February is National Children’s Dental Health Month so with help from our friends at CHLA, we’re covering the brushing basics and more. Follow the tips below to help get your child started on the right track to good dental health. Healthy, happy smiles are always in style!
In honor of National Children’s Dental Health Month, I decided to write a blog with some helpful and up-to-date advice about keeping your family’s teeth healthy. The benefits of doing this right and starting early will not only mean healthier mouths and teeth, but better health in general throughout your lives. To learn more about pediatric dentists and how they care for kids, I visited the Dental Clinic at Children’s Hospital Los Angeles and spoke with John Groper, DDS, and his team.
Did you know?
- Early childhood caries (ECC), or cavities, is the No. 1 chronic infectious disease affecting children in the U.S.

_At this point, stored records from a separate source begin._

(* Let $R$ be a ring and $n\ge 1$ an integer, and let $R_n$ be the subring of $n\times n$ upper triangular matrices over $R$ whose diagonal entries are all equal, i.e. matrices $(a_{ij})$ with $a_{ij}=0$ for $i>j$, $a_{11}=a_{22}=\dots=a_{nn}$, and arbitrary $a_{ij}\in R$ for $i<j$. Then $R$ is NJ-symmetric if and only if $R_n$ is NJ-symmetric.
   Context: Rings are associative with identity. $N(S)$ is the set of nilpotent elements, $J(S)$ the Jacobson radical of a ring $S$. $S$ is NJ-symmetric if for all $a,b,c\in S$, $abc\in N(S)$ implies $bac\in J(S)$. *)

From HB Require Import structures.
From mathcomp Require Import all_boot all_order all_algebra.
Set Implicit Arguments. Unset Strict Implicit. Unset Printing Implicit Defensive.
Import GRing.Theory.
Local Open Scope ring_scope.

Definition nilpotent_elt (S : nzRingType) (x : S) : Prop := exists m : nat, x ^+ m = 0.

Definition left_ideal (S : nzRingType) (I : S -> Prop) : Prop :=
  [/\ I 0, (forall x y, I x -> I y -> I (x + y)), (forall x, I x -> I (- x))
    & (forall r x, I x -> I (r * x))].

Definition maximal_left_ideal (S : nzRingType) (I : S -> Prop) : Prop :=
  [/\ left_ideal I, ~ I 1 &
      forall K : S -> Prop, left_ideal K -> (forall x, I x -> K x) ->
        (exists x, K x /\ ~ I x) -> K 1].

Definition jacobson (S : nzRingType) (x : S) : Prop :=
  forall I : S -> Prop, maximal_left_ideal I -> I x.

Definition NJ_symmetric (S : nzRingType) : Prop :=
  forall a b c : S, nilpotent_elt (a * b * c) -> jacobson (b * a * c).

(* R_n (for n = m.+1 >= 1): upper triangular matrices with constant diagonal *)
Section Rn.
Variables (R : nzRingType) (m : nat).

Definition Rn_pred : pred 'M[R]_m.+1 := fun A =>
  [forall i : 'I_m.+1, forall j : 'I_m.+1, (j < i)%N ==> (A i j == 0)] &&
  [forall i : 'I_m.+1, A i i == A ord0 ord0].

Lemma Rn_predP (A : 'M[R]_m.+1) :
  reflect (((forall i j : 'I_m.+1, (j < i)%N -> A i j = 0) /\
           (forall i : 'I_m.+1, A i i = A ord0 ord0))%type) (A \in Rn_pred).
Proof.
apply: (iffP andP) => [[/forallP H1 /forallP H2]|[H1 H2]]; split.
- by move=> i j ji; have /forallP/(_ j)/implyP/(_ ji)/eqP := H1 i.
- by move=> i; apply/eqP.
- by apply/forallP=> i; apply/forallP=> j; apply/implyP=> ji; apply/eqP/H1.
- by apply/forallP=> i; apply/eqP.
Qed.

Lemma Rn_mul_low (A B : 'M[R]_m.+1) : A \in Rn_pred -> B \in Rn_pred ->
  forall i j : 'I_m.+1, (j < i)%N -> (A * B) i j = 0.
Proof.
move=> /Rn_predP[A1 _] /Rn_predP[B1 _] i j ji.
rewrite [A * B]/GRing.mul /= mxE big1 // => k _.
case: (ltnP k i) => ki; first by rewrite A1 // mul0r.
by rewrite B1 ?mulr0 //; apply: leq_trans ji ki.
Qed.

Lemma Rn_mul_diag (A B : 'M[R]_m.+1) : A \in Rn_pred -> B \in Rn_pred ->
  forall i : 'I_m.+1, (A * B) i i = A i i * B i i.
Proof.
move=> /Rn_predP[A1 _] /Rn_predP[B1 _] i.
rewrite [A * B]/GRing.mul /= mxE (bigD1 i) //= big1 ?addr0 // => k ki.
case: (ltnP k i) => lki; first by rewrite A1 // mul0r.
rewrite B1 ?mulr0 //; rewrite ltn_neqAle lki andbT.
by apply/negP => /eqP/val_inj E; move: ki; rewrite E eqxx.
Qed.

Lemma Rn_subring_closed : subring_closed Rn_pred.
Proof.
split.
- apply/Rn_predP; split => [i j ji|i]; rewrite !mxE.
    have /negbTE-> : i != j by apply/negP=> /eqP E; move: ji; rewrite E ltnn.
    by [].
  by rewrite !eqxx.
- move=> A B /Rn_predP[A1 A2] /Rn_predP[B1 B2]; apply/Rn_predP; split.
    by move=> i j ji; rewrite !mxE A1 // B1 // subr0.
  by move=> i; rewrite !mxE A2 B2.
- move=> A B HA HB; apply/Rn_predP; split; first exact: Rn_mul_low.
  by move=> i; rewrite !Rn_mul_diag //; move/Rn_predP: HA => [_ ->];
     move/Rn_predP: HB => [_ ->].
Qed.

HB.instance Definition _ := GRing.isSubringClosed.Build _ Rn_pred Rn_subring_closed.

Record Rn_type := RnMk { Rn_val :> 'M[R]_m.+1; _ : Rn_val \in Rn_pred }.
HB.instance Definition _ := [isSub for Rn_val].
HB.instance Definition _ := [Choice of Rn_type by <:].
HB.instance Definition _ := [SubChoice_isSubNzRing of Rn_type by <:].
End Rn.

From HB Require Import structures.
From mathcomp Require Import all_boot all_algebra.
From Stdlib Require Import Classical.
Import GRing.Theory.
Local Open Scope ring_scope.

(* Taking the common diagonal entry is a ring morphism R_n -> R, split by the
   scalar matrices, whose kernel consists of strictly upper triangular, hence
   nilpotent, matrices. A nil ideal lies in every maximal left ideal, so along
   a surjective morphism with nil kernel maximal left ideals correspond by
   image and preimage: the Jacobson radical is the preimage of the Jacobson
   radical, and nilpotency is both preserved and reflected. NJ-symmetry,
   phrased only through N and J, therefore transfers in both directions. *)

Lemma sum_expr_mul1B (S : pzRingType) (x : S) (k : nat) :
  (\sum_(i < k) x ^+ i) * (1 - x) = 1 - x ^+ k.
Proof.
have cx : GRing.comm x (1 - x).
  by apply: commrB; [exact: commr1 | exact: commr_refl].
have -> : GRing.comm (\sum_(i < k) x ^+ i) (1 - x).
  by apply/commr_sym/commr_sum => i _; exact/commrX/commr_sym.
by rewrite -opprB mulNr -subrX1 opprB.
Qed.

Lemma nilpotent_linv_1B (S : nzRingType) (x : S) :
  nilpotent_elt x -> exists y, y * (1 - x) = 1.
Proof.
by case=> k xk0; exists (\sum_(i < k) x ^+ i); rewrite sum_expr_mul1B xk0 subr0.
Qed.

Lemma strict_upper_expr (R : pzRingType) (m : nat) (Y : 'M[R]_m) :
  (forall i j : 'I_m, (j <= i)%N -> Y i j = 0) ->
  forall k (i j : 'I_m), (j < i + k)%N -> (Y ^+ k) i j = 0.
Proof.
move=> Ylow; elim=> [|k IHk] i j; rewrite ?addn0 => ltji.
  by rewrite expr0 mxE; case: eqP => // eqij; rewrite eqij ltnn in ltji.
rewrite exprSr -mulmxE mxE big1 // => l _.
have [ltl|lel] := ltnP l (i + k); first by rewrite IHk ?mul0r.
by rewrite Ylow ?mulr0 // -ltnS (leq_trans ltji) // addnS ltnS.
Qed.

Lemma strict_upper_mx_nilpotent (R : pzRingType) (m : nat) (Y : 'M[R]_m) :
  (forall i j : 'I_m, (j <= i)%N -> Y i j = 0) -> Y ^+ m = 0.
Proof.
move=> Ylow; apply/matrixP => i j; rewrite mxE strict_upper_expr //.
by rewrite (leq_trans (ltn_ord j)) ?leq_addl.
Qed.

Definition image_pred {S R : Type} (f : S -> R) (M : S -> Prop) (r : R) : Prop :=
  exists2 x, M x & f x = r.

Section NilKernelRmorphism.
Context {S R : nzRingType} {f : {rmorphism S -> R}} {g : R -> S}.
Hypothesis fK : cancel g f.
Hypothesis ker_nil : forall x, f x = 0 -> nilpotent_elt x.

Lemma left_ideal_preim (I : R -> Prop) : left_ideal I -> left_ideal (I \o f).
Proof.
case=> I0 ID IN IM; split=> /= [|x y|x|r x];
  rewrite ?rmorph0 ?rmorphD ?rmorphN ?rmorphM //.
- exact: ID.
- exact: IN.
- exact: IM.
Qed.

Lemma left_ideal_image (M : S -> Prop) :
  left_ideal M -> left_ideal (image_pred f M).
Proof.
case=> M0 MD MN MM; split.
- by exists 0; rewrite ?rmorph0.
- move=> _ _ [x Mx <-] [y My <-].
  by exists (x + y); rewrite ?rmorphD //; apply: MD.
- by move=> _ [x Mx <-]; exists (- x); rewrite ?rmorphN //; apply: MN.
- by move=> r _ [x Mx <-]; exists (g r * x); rewrite ?rmorphM ?fK //; apply: MM.
Qed.

Lemma maximal_left_ideal_preim (I : R -> Prop) :
  maximal_left_ideal I -> maximal_left_ideal (I \o f).
Proof.
case=> Iideal nI1 Imax; split=> /=; rewrite ?rmorph1 //.
  exact: left_ideal_preim.
move=> K Kideal IK [x [Kx nIx]].
have [_ KD _ _] := Kideal.
have ker_K y : f y = 0 -> K y.
  by move=> fy0; apply: IK; rewrite /= fy0; case: Iideal.
have [y Ky fy1] : image_pred f K 1.
  apply: Imax; first exact: left_ideal_image.
  - by move=> r Ir; exists (g r); rewrite ?fK //; apply: IK; rewrite /= fK.
  - by exists (f x); split=> //; exists x.
rewrite -(subrK y 1); apply: KD => //.
by apply: ker_K; rewrite rmorphB rmorph1 fy1 subrr.
Qed.

Lemma ker_sub_maximal_left_ideal (M : S -> Prop) :
  maximal_left_ideal M -> forall x, f x = 0 -> M x.
Proof.
case=> [[M0 MD MN MM] nM1 Mmax] a fa0; apply: NNPP => nMa; apply: nM1.
(* Otherwise M + S a = S, so 1 - y a lies in M for some y; y a is in the
   nil kernel, hence 1 - y a is left invertible. *)
pose K x := exists m y, M m /\ x = m + y * a.
have [m [y [Mm def1]]] : K 1.
  apply: Mmax.
  - split.
    + by exists 0, 0; rewrite mul0r addr0.
    + move=> _ _ [m1 [y1 [Mm1 ->]]] [m2 [y2 [Mm2 ->]]].
      exists (m1 + m2), (y1 + y2); rewrite mulrDl addrACA.
      by split=> //; apply: MD.
    + move=> _ [m1 [y1 [Mm1 ->]]].
      by exists (- m1), (- y1); rewrite opprD mulNr; split=> //; apply: MN.
    + move=> r _ [m1 [y1 [Mm1 ->]]].
      by exists (r * m1), (r * y1); rewrite mulrDr mulrA; split=> //; apply: MM.
  - by move=> x Mx; exists x, 0; rewrite mul0r addr0.
  - by exists a; split=> //; exists 0, 1; rewrite mul1r add0r.
have [z z1B] : exists z, z * (1 - y * a) = 1.
  by apply/nilpotent_linv_1B/ker_nil; rewrite rmorphM fa0 mulr0.
by rewrite -z1B def1 addrK; apply: MM.
Qed.

Lemma maximal_left_ideal_imageE (M : S -> Prop) :
  maximal_left_ideal M -> forall x, image_pred f M (f x) <-> M x.
Proof.
move=> Mmax x; split=> [[y My fyx]|]; last by exists x.
have [[_ MD _ _] _ _] := Mmax.
rewrite -(subrK y x); apply: MD => //; apply: ker_sub_maximal_left_ideal => //.
by rewrite rmorphB fyx subrr.
Qed.

Lemma maximal_left_ideal_image (M : S -> Prop) :
  maximal_left_ideal M -> maximal_left_ideal (image_pred f M).
Proof.
move=> Mmax; have [Mideal nM1 Mmax'] := Mmax.
split; first exact: left_ideal_image.
  by rewrite -(rmorph1 f) maximal_left_ideal_imageE.
move=> K Kideal MK [r [Kr nMr]].
rewrite -(rmorph1 f); apply: (Mmax' (K \o f)); first exact: left_ideal_preim.
- by move=> x Mx; apply: MK; exists x.
- by exists (g r); split; rewrite /= ?fK // -maximal_left_ideal_imageE // fK.
Qed.

Lemma jacobson_rmorph x : jacobson x <-> jacobson (f x).
Proof.
split=> [Jx I /maximal_left_ideal_preim Imax|Jfx M Mmax]; first exact: Jx _ Imax.
rewrite -(maximal_left_ideal_imageE _ Mmax).
exact: Jfx _ (maximal_left_ideal_image _ Mmax).
Qed.

Lemma nilpotent_rmorph x : nilpotent_elt x <-> nilpotent_elt (f x).
Proof.
split=> [[k xk0]|[k fxk0]]; first by exists k; rewrite -rmorphXn xk0 rmorph0.
have [l xkl0] : nilpotent_elt (x ^+ k) by apply: ker_nil; rewrite rmorphXn.
by exists (k * l)%N; rewrite exprM.
Qed.

Lemma NJ_symmetric_rmorph : NJ_symmetric S <-> NJ_symmetric R.
Proof.
split=> NJ a b c.
  rewrite -[a]fK -[b]fK -[c]fK -!rmorphM -nilpotent_rmorph -jacobson_rmorph.
  exact: NJ.
by rewrite nilpotent_rmorph jacobson_rmorph !rmorphM; apply: NJ.
Qed.

End NilKernelRmorphism.

Section UpperTriangularConstantDiagonal.
Variables (R : nzRingType) (n : nat).

Definition Rn_diag (A : Rn_type R n) : R := val A ord0 ord0.

Lemma Rn_diag_is_nmod_morphism : nmod_morphism Rn_diag.
Proof. by split=> [|A B]; rewrite /Rn_diag ?raddf0 ?raddfD mxE. Qed.

Lemma Rn_diag_is_monoid_morphism : monoid_morphism Rn_diag.
Proof.
split=> [|A B]; first by rewrite /Rn_diag rmorph1 mxE.
by rewrite /Rn_diag rmorphM Rn_mul_diag //; apply: valP.
Qed.

HB.instance Definition _ :=
  GRing.isNmodMorphism.Build _ _ Rn_diag Rn_diag_is_nmod_morphism.
HB.instance Definition _ :=
  GRing.isMonoidMorphism.Build _ _ Rn_diag Rn_diag_is_monoid_morphism.

Lemma scalar_mx_Rn (r : R) : (r%:M : 'M[R]_n.+1) \in @Rn_pred R n.
Proof.
apply/Rn_predP; split=> [i j ltji|i]; rewrite !mxE ?eqxx //.
by case: eqP => // eqij; rewrite eqij ltnn in ltji.
Qed.

Definition Rn_scalar (r : R) : Rn_type R n := RnMk (scalar_mx_Rn r).

Lemma Rn_scalarK : cancel Rn_scalar Rn_diag.
Proof. by move=> r; rewrite /Rn_diag /= mxE eqxx. Qed.

Lemma Rn_diag_ker_nilpotent (A : Rn_type R n) :
  Rn_diag A = 0 -> nilpotent_elt A.
Proof.
move=> A00; exists n.+1; apply: val_inj; rewrite rmorphXn raddf0.
have /Rn_predP[Alow Adiag] := valP A.
apply: strict_upper_mx_nilpotent => i j.
rewrite leq_eqVlt => /orP[/eqP eqji|]; last exact: Alow.
by rewrite (val_inj eqji) Adiag.
Qed.

End UpperTriangularConstantDiagonal.

Theorem proposition2p25 (R : nzRingType) (n : nat) :
  NJ_symmetric R <-> NJ_symmetric (Rn_type R n).
Proof.
exact: iff_sym (NJ_symmetric_rmorph (Rn_scalarK R n) (Rn_diag_ker_nilpotent R n)).
Qed.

- Undetected tooth decay can lead to infection, tooth loss and other more serious health problems both in children and adults.
- A child should see the dentist for their first visit as early as 6 months of age.
- Pediatric dentists have special training after dental school to learn how to work specifically with children’s oral health.
- Tooth decay is almost always preventable.
The first step in tending to your children’s dental health is locating a pediatric dentist to care for their teeth. Pediatric dentists have two to three years of extra training beyond dental school to learn specifically how to care for the oral health of children, and how to work with their special needs.
Groper recommends taking children for their first dental visit when they are about 6 months old, or when their first tooth appears. The purpose of this is to establish a “dental home,” a sort of home base for children’s current and future dental care.
During this visit, the dentist will talk about the best way to brush your child’s teeth, and will discuss diet and other issues that can lead to ECC and how to prevent them. During the course of these early visits, the dentist may introduce you to different preventive treatments, such as fluoride or sealant for the teeth. The dentist will make a recommendation about when to return for another appointment, but usually it is at least twice a year to develop a good relationship and good dental habits.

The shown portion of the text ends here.